Omicidio Diabolik: Calderon condannato all’ergastolo, non riconosciuta aggravante del metodo mafioso

Raul Esteban Calderon, l'uomo accusato di essere il killer di Fabrizio Piscitelli, è stato condannato all'ergastolo. Secondo i giudici che hanno emesso la sentenza, è lui l'uomo che il 7 agosto 2019 ha premuto il grilletto uccidendo l'ex leader degli Irriducibili, mentre era seduto su una panchina al parco degli Acquedotti. Calderon, arrestato nel 2021, due anni dopo l'omicidio, ha sempre ribadito la sua estraneità ai fatti. Contro di lui però pesano come macigni la testimonianza dell'ex compagna, oltre a un video che ha ripreso la scena dell'uccisione di Piscitelli.
Per gli inquirenti non ci sono dubbi: quell'uomo vestito da runner, che fa finta di fare jogging al parco degli Acquedotti, è proprio Calderon. La sentenza arriva dopo oltre cinque ore di camera di consiglio, i giudici non hanno riconosciuto l'aggravante del metodo mafioso, come chiesto dai pm Mario Palazzi, Rita Ceraso e Francesco Cascini. Calderon ha seguito la lettura del dispositivo in videocollegamento dal carcere di Larino, mentre nell'aula bunker di Rebibbia c'erano madre, sorella e il fratello di Piscitelli, costituiti parti civili nel processo e la vedova e le figlie di Piscitelli, che non si sono costituite.

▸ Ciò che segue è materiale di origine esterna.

(* Let $k$ be a field, $A=kQ_A/I_A$ a monomial algebra with vertices $e_1,\dots,e_n$, and $B$ the algebra obtained by gluing the distinct non-isolated vertices $e_1,e_n$. Then there is a decomposition of $k$-vector spaces $\mathrm{Ker}(\delta^0_{(B)_{\ge1}})=\psi_0(\mathrm{Ker}(\delta^0_{(A)_{\ge1}}))\oplus Z_{nsp}$. In particular, if $e_1,e_n$ lie in the same block, then $\dim_k\mathrm{Ker}(\delta^0_{(B)_{\ge1}})=\dim_k\mathrm{Ker}(\delta^0_{(A)_{\ge1}})+\mathrm{nsp}(1,n)$; if they lie in different blocks, then $\dim_k\mathrm{Ker}(\delta^0_{(B)_{\ge1}})=\dim_k\mathrm{Ker}(\delta^0_{(A)_{\ge1}})$.
   Context: Monomial algebra: $A=kQ_A/I_A$, $Q_A$ finite quiver, $I_A$ admissible, generated by a minimal set $Z_A$ of paths of length $\ge2$; $\mathcal B_A$: paths (including trivial ones) avoiding elements of $Z_A$ as subpaths; $(\mathcal B_A)_{\ge1}$ those of length $\ge1$. Gluing: $B\subseteq A$ generated by $f_1=e_1+e_n$, $f_i=e_i$ ($2\le i\le n-1$) and all arrows; $B\cong kQ_B/I_B$, $Q_B$ obtained by identifying $e_1,e_n$ to $f_1$ (arrow $\alpha\mapsto\alpha^*$, path $p=a_m\cdots a_1\mapsto p^*=a_m^*\cdots a_1^*$, $e_i^*=f_i$, $e_1^*=e_n^*=f_1$), $I_B$ generated by $\{r^*:r\in Z_A\}$ and the paths $b^*c^*$ with $b,c$ arrows, $t(c),s(b)\in\{e_1,e_n\}$, $t(c)\ne s(b)$; $\mathcal B_B$ its basis paths. Blocks correspond to connected components of $Q_A$. For path sets $X,Y$, $k(X\|Y)$ has basis the pairs $x\|y$ of parallel paths. For monomial $\Lambda=kQ/\langle Z\rangle$ with basis paths $\mathcal B$, $\delta^0:k(Q_0\|\mathcal B)\to k(Q_1\|\mathcal B)$, $e\|\gamma\mapsto\sum_{a\in Q_1,s(a)=e,a\gamma\in\mathcal B}a\|a\gamma-\sum_{a\in Q_1,t(a)=e,\gamma a\in\mathcal B}a\|\gamma a$; $\delta^0_{(A)_{\ge1}}$ is the restriction of $\delta^0_A$ to $k((Q_A)_0\|(\mathcal B_A)_{\ge1})$, similarly for $B$. $\psi_0:k((Q_A)_0\|\mathcal B_A)\to k((Q_B)_0\|\mathcal B_B)$, $e\|p\mapsto e^*\|p^*$. A non-special path is a path $p\in\mathcal B_A$ from $e_1$ to $e_n$ or from $e_n$ to $e_1$ such that $ap\in I_A$ and $pb\in I_A$ for all arrows $a,b$ (equivalently $\delta^0_B(f_1\|p^* )=0$); $\mathrm{nsp}(1,n)$ is their number, and $Z_{nsp}$ is the span of the elements $f_1\|p^*$ over non-special paths $p$. *)

From HB Require Import structures.
From mathcomp Require Import all_boot all_order all_algebra.
Set Implicit Arguments. Unset Strict Implicit. Unset Printing Implicit Defensive.
Import GRing.Theory.

(* Generic machinery for a monomial algebra  Lambda = kQ/<Z>.               *)
(* A path is a pair (v, w) : V * seq E, where w = [:: a_1; ...; a_m] lists  *)
(* the arrows in the order they are traversed (so the paper's path          *)
(* a_m ... a_1 is (s a_1, [:: a_1; ...; a_m])); the trivial path e_v is     *)
(* (v, [::]).  A relation r in Z is a (nontrivial) path, stored as its      *)
(* arrow sequence.                                                          *)

Section Paths.
Variables (V E : finType) (s t : E -> V).

Definition qpath := (V * seq E)%type.

Definition is_path (p : qpath) : bool :=
  match p.2 with
  | [::] => true
  | a :: w => (s a == p.1) && path (fun x y => t x == s y) a w
  end.

Definition psrc (p : qpath) : V := p.1.
Definition ptgt (p : qpath) : V := last p.1 [seq t a | a <- p.2].
Definition plen (p : qpath) : nat := size p.2.

Definition is_relation (r : seq E) : bool :=
  if r is a :: w then (1 <= size w)%N && path (fun x y => t x == s y) a w
  else false.

(* the path a p (first p, then the arrow a) and p a (first a, then p) *)
Definition arrow_after (p : qpath) (a : E) : qpath := (p.1, rcons p.2 a).
Definition arrow_before (a : E) (p : qpath) : qpath := (s a, a :: p.2).

Fixpoint words (L : nat) : seq (seq E) :=
  if L is L'.+1 then [seq a :: w | a <- enum E, w <- words L'] else [:: [::]].

Definition all_paths (N : nat) : seq qpath :=
  filter is_path
    [seq (v, w) | v <- enum V, w <- flatten [seq words L | L <- iota 0 N]].

Variable Z : seq (seq E).

Definition in_basis (p : qpath) : bool :=
  is_path p && all (fun r => ~~ infix r p.2) Z.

Il sicario di Molisso e Bennato
Calderon, già condannato all'ergastolo per l'omicidio di Selavdi Shehaj a Torvaianica, è considerato uno dei sicari di fiducia dell'organizzazione criminale capeggiata da Giuseppe Molisso e Leandro Bennato, i signori della droga pupilli di Michele Senese. Al momento non ci sono prove che siano stati proprio Molisso e Bennato i mandanti dell'omicidio di Fabrizio Piscitelli: eppure che tra loro ci fossero attriti legati al controllo dello spaccio a Roma è risaputo. Così come è noto il fatto che Diabolik avrebbe alzato un po' troppo la testa, cosa che a Senese, ex mentore di Piscitelli, non è mai andata giù. E i loro nomi, infatti, compaiono costantemente nelle carte delle indagini intorno alla morte di Diabolik.

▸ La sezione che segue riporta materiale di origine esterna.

(* Let $p\in(0,1)$, let $(\mathcal M,d,0)$ be a pointed $p$-metric space with $\mathcal M=\{0,x,y,z\}$ (four distinct points) and $\mathcal N=\{0,x,y\}$. Assume that none of the $p$-triangle inequalities among the distances between $0,x,y$ is an equality. Let $d'$ be the function on $\mathcal M\times\mathcal M$ with $d'=d$ on $\mathcal N\times\mathcal N$ and, for every bijection $u:\{1,2,3\}\to\mathcal N$, \[d'(u(1),z)=\Big(\frac{d^p(u(2),u(1))+d^p(u(3),u(1))-d^p(u(2),u(3))}{2}\Big)^{1/p}.\] Then $d'$ is a $p$-metric on $\mathcal M$ and, for $\mathcal M'=(\mathcal M,d',0)$ and all $a,b\in\mathbb R$, \[\|a\delta(x)+b\delta(y)\|_{\mathcal F_p(\mathcal M')}\le\|a\delta(x)+b\delta(y)\|_{\mathcal F_p(\mathcal M)}.\] Moreover, writing $d_x=d(x,0)$, $d_y=d(y,0)$, $d_{xy}=d(x,y)$, \[\|a\delta(x)+b\delta(y)\|_{\mathcal F_p(\mathcal M')}^p=d_x^p\tfrac{|a+b|^p+|a|^p-|b|^p}{2}+d_y^p\tfrac{|a+b|^p+|b|^p-|a|^p}{2}+d_{xy}^p\tfrac{|a|^p+|b|^p-|a+b|^p}{2},\] and $\|a\delta(x)+b\delta(y)\|_{\mathcal F_p(\mathcal M')}=\|a\delta(x)+b\delta(y)\|_{\mathcal F_p(\mathcal N)}$ if and only if $ab=0$ or $a=-b$.
   Context: A $p$-metric space is a set with $d$ such that $d^p$ is a metric; pointed means a distinguished point $0$. A $p$-Banach space is a complete vector space with a $p$-norm. $\delta(x)$ is evaluation at $x$ on real functions vanishing at $0$, and $\mathcal F_p(\mathcal M)$ is the completion of $\mathrm{span}\{\delta(x)\}$ under $\|\sum a_i\delta(x_i)\|=\sup\|\sum a_if(x_i)\|_Y$ over $p$-Banach $Y$ and $1$-Lipschitz $f:\mathcal M\to Y$ with $f(0)=0$; $\mathcal N$ carries the restriction of $d$ and base point $0$. The $p$-triangle inequalities among $0,x,y$ are $d^p(u,w)\le d^p(u,v)+d^p(v,w)$ for $\{u,v,w\}=\{0,x,y\}$. *)

From HB Require Import structures.
From mathcomp Require Import all_boot all_order all_algebra.
From mathcomp Require Import all_classical all_reals.
From mathcomp Require Import exp.
Set Implicit Arguments. Unset Strict Implicit. Unset Printing Implicit Defensive.
Import Order.TTheory GRing.Theory Num.Theory.
Local Open Scope classical_set_scope.
Local Open Scope ring_scope.

Section Defs.
Variable R : realType.

Definition is_pmetric (T : Type) (p : R) (d : T -> T -> R) : Prop :=
  (forall u v, 0 <= d u v) /\
  (forall u v, d u v = 0 <-> u = v) /\
  (forall u v, d u v = d v u) /\
  (forall u v w, d u w `^ p <= d u v `^ p + d v w `^ p).

Definition is_pnorm (V : lmodType R) (p : R) (nrm : V -> R) : Prop :=
  (forall v, 0 <= nrm v) /\
  (forall v, nrm v = 0 <-> v = 0) /\
  (forall (k : R) v, nrm (k *: v) = `|k| * nrm v) /\
  (forall u v, nrm (u + v) `^ p <= nrm u `^ p + nrm v `^ p).

Definition pn_complete (V : lmodType R) (nrm : V -> R) : Prop :=
  forall s : nat -> V,
    (forall e : R, 0 < e -> exists N, forall m n, (N <= m)%N -> (N <= n)%N ->
        nrm (s m - s n) < e) ->
    exists l : V, forall e : R, 0 < e -> exists N, forall n, (N <= n)%N ->
        nrm (s n - l) < e.

(* Norm in F_p(S) (S a pointed p-metric subspace of (T,d) with base point o,
   o \in S) of the finitely supported molecule sum_i a_i delta(x_i), x_i in S:
   the supremum over all p-Banach spaces Y and all 1-Lipschitz f : S -> Y with
   f o = 0 of || sum_i a_i f(x_i) ||_Y.  (Values of f outside S are irrelevant.) *)
Definition free_pnorm (T : Type) (p : R) (d : T -> T -> R) (S : set T) (o : T)
    (mol : seq (R * T)) : R :=
  sup [set r | exists (V : lmodType R) (nrm : V -> R) (f : T -> V),
         [/\ is_pnorm p nrm, pn_complete nrm, f o = 0,
             (forall u v, S u -> S v -> nrm (f u - f v) <= d u v) &
             r = nrm (\sum_(c <- mol) c.1 *: f c.2)]].

Definition gromov_ext (T : Type) (p : R) (d : T -> T -> R) (u1 u2 u3 : T) : R :=
  ((d u2 u1 `^ p + d u3 u1 `^ p - d u2 u3 `^ p) / 2) `^ (p^-1).

Definition dz (T : eqType) (p : R) (d : T -> T -> R) (o x y w : T) : R :=
  if w == x then gromov_ext p d x o y
  else if w == y then gromov_ext p d y o x
  else gromov_ext p d o x y.

Definition dprime (T : eqType) (p : R) (d : T -> T -> R) (o x y z : T)
    (u v : T) : R :=
  if u == z then (if v == z then 0 else dz p d o x y v)
  else if v == z then dz p d o x y u
  else d u v.

End Defs.

From HB Require Import structures.
From mathcomp Require Import all_boot all_order all_algebra.
From mathcomp Require Import all_classical all_reals.
From mathcomp Require Import topology normedtype exp.
From mathcomp Require Import ring lra.
Import Order.TTheory GRing.Theory Num.Theory.
Import numFieldNormedType.Exports.
Local Open Scope classical_set_scope.
Local Open Scope ring_scope.
Set Implicit Arguments. Unset Strict Implicit. Unset Printing Implicit Defensive.

(* Let Lx, Ly, L0 be the Gromov products (o|y)_x, (o|x)_y, (x|y)_o of the metric d^p
   on N; the strict triangle inequalities make them positive, and d'^p is the star
   metric with centre z and legs of p-lengths Lx, Ly, L0 to x, y, o.  Put
   F(a,b) = |a|^p Lx + |b|^p Ly + |a+b|^p L0.  Writing
   a delta(x) + b delta(y) = a (delta(x) - delta(z)) + b (delta(y) - delta(z))
   + (a+b) (delta(z) - delta(o)) bounds its F_p(M')-norm by F(a,b)^(1/p), and an
   embedding of M' into l_p^6 by cuts attains this value.  Moving part of the cut
   weights onto cuts that also contain z embeds (M,d) in the same way (a small linear
   programme, solvable thanks to the p-triangle inequalities through z), which gives
   the comparison with F_p(M) and the lower bound F(a,b)^(1/p) for F_p(N).  If ab = 0
   or a = -b the molecule is a single dipole and the F_p(N)-norm is exactly
   F(a,b)^(1/p).  Otherwise the quotient p-norm of F_p(N), an infimum over the ways of
   routing the molecule along the three edges of N, exceeds F(a,b) by a uniform
   amount, because t |-> |t|^p is strictly subadditive. *)

Section PowR.
Variable R : realType.
Implicit Types x y q m s u v : R.

Lemma powR_ler q x y : 0 <= q -> 0 <= x -> x <= y -> x `^ q <= y `^ q.
Proof.
by move=> q0 x0 xy; apply: ge0_ler_powR; rewrite ?nnegrE // (le_trans x0).
Qed.

Lemma powR_ltr q x y : 0 < q -> 0 <= x -> x < y -> x `^ q < y `^ q.
Proof.
by move=> q0 x0 xy; apply: gt0_ltr_powR; rewrite ?nnegrE // (le_trans x0) ?ltW.
Qed.

Variable p : R.
Hypothesis p_gt0 : 0 < p.

Lemma powR0p : 0 `^ p = 0.
Proof. by rewrite powR0 ?gt_eqF. Qed.

Lemma powRVK x : 0 <= x -> (x `^ p^-1) `^ p = x.
Proof. by move=> x0; rewrite -powRrM mulVf ?gt_eqF // powRr1. Qed.

Lemma powRK x : 0 <= x -> (x `^ p) `^ p^-1 = x.
Proof. by move=> x0; rewrite -powRrM mulfV ?gt_eqF // powRr1. Qed.

Lemma powR_le_powRV x y : 0 <= x -> x `^ p <= y -> x <= y `^ p^-1.
Proof.
move=> x0 xy; rewrite -(powRK x0).
by apply: powR_ler; rewrite ?powR_ge0 // invr_ge0 ltW.
Qed.

Hypothesis p_lt1 : p < 1.

(* Follows from Young's inequality with exponents 1/p and 1/(1-p). *)
Lemma bernoulli_powR s : 0 <= s -> (1 + s) `^ p <= 1 + p * s.
Proof.
move=> s0.
have young := @conjugate_powR _ ((1 + s) `^ p) 1 p^-1 (1 - p)^-1 (powR_ge0 _ _) ler01.
rewrite mulr1 powRK ?addr_ge0 // powR1 !invrK in young.
apply: le_trans (young _ _ _) _.
- by rewrite invr_gt0.
- by rewrite invr_gt0 subr_gt0.
- by rewrite addrC subrK.
- lra.
Qed.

Piscitelli ucciso in pieno giorno
L'omicidio di Diabolik è avvenuto nelle stesse modalità di quello di Selavdi Shehaj. Anche in quel caso, l'uomo è stato freddato da un killer che correva sulla spiaggia e che poi è fuggito, facendo perdere le sue tracce. Entrambi gli omicidi sono avvenuti in pieno giorno, in mezzo ad altre persone. Fabrizio Piscitelli era seduto su una panchina insieme alla sua guardia del corpo, fuggita subito dopo. "In quel momento era presente tantissima gente, impegnata nelle attività più disparate – ha detto il pubblico ministero nella sua requisitoria – Quando giunge un killer che mostra grande freddezza e professionalità, arriva alle spalle, un solo colpo che coglie la vittima di sorpresa".
I giudici non hanno riconosciuto l'aggravante del metodo mafioso
I giudici non hanno riconosciuto l'aggravante del metodo mafioso, come chiesto dai pm Mario Palazzi, Rita Ceraso e Francesco Cascini. Per il pubblico ministero l'omicidio di Piscitelli doveva fungere da monito, una sanzione per chi credeva di poter fare come voleva in quel grande mercato della droga che è Roma. "È stato compiuto con metodo mafioso e con l'agevolazione di un gruppo criminale, nato dai contrasti tra associazioni organizzate". Un omicidio, la cui funziona è un "avviso ai naviganti perché Roma apparentemente così anarchica è invece un luogo di sanzioni, anche eclatanti, comminate anche in piazza, affinché si capisca chi comanda.
Una ‘sanzione' che doveva essere compresa da tutti. Un delitto che costituisce uno spartiacque tra il prima e il dopo. Piscitelli era un leader carismatico, battezzato dai Senese, il cui solo nome mette paura. E Senese è un ‘marchio registrato' che se speso in modo non invano realizza una docile sottomissione degli astanti. Ma Piscitelli non era docile, si atteggiava lui stesso come un capo. Piscitelli era tante cose, ha avuto una vita criminale accertata, trattava anche da mammasantissima la pace tra due consorterie mafiose".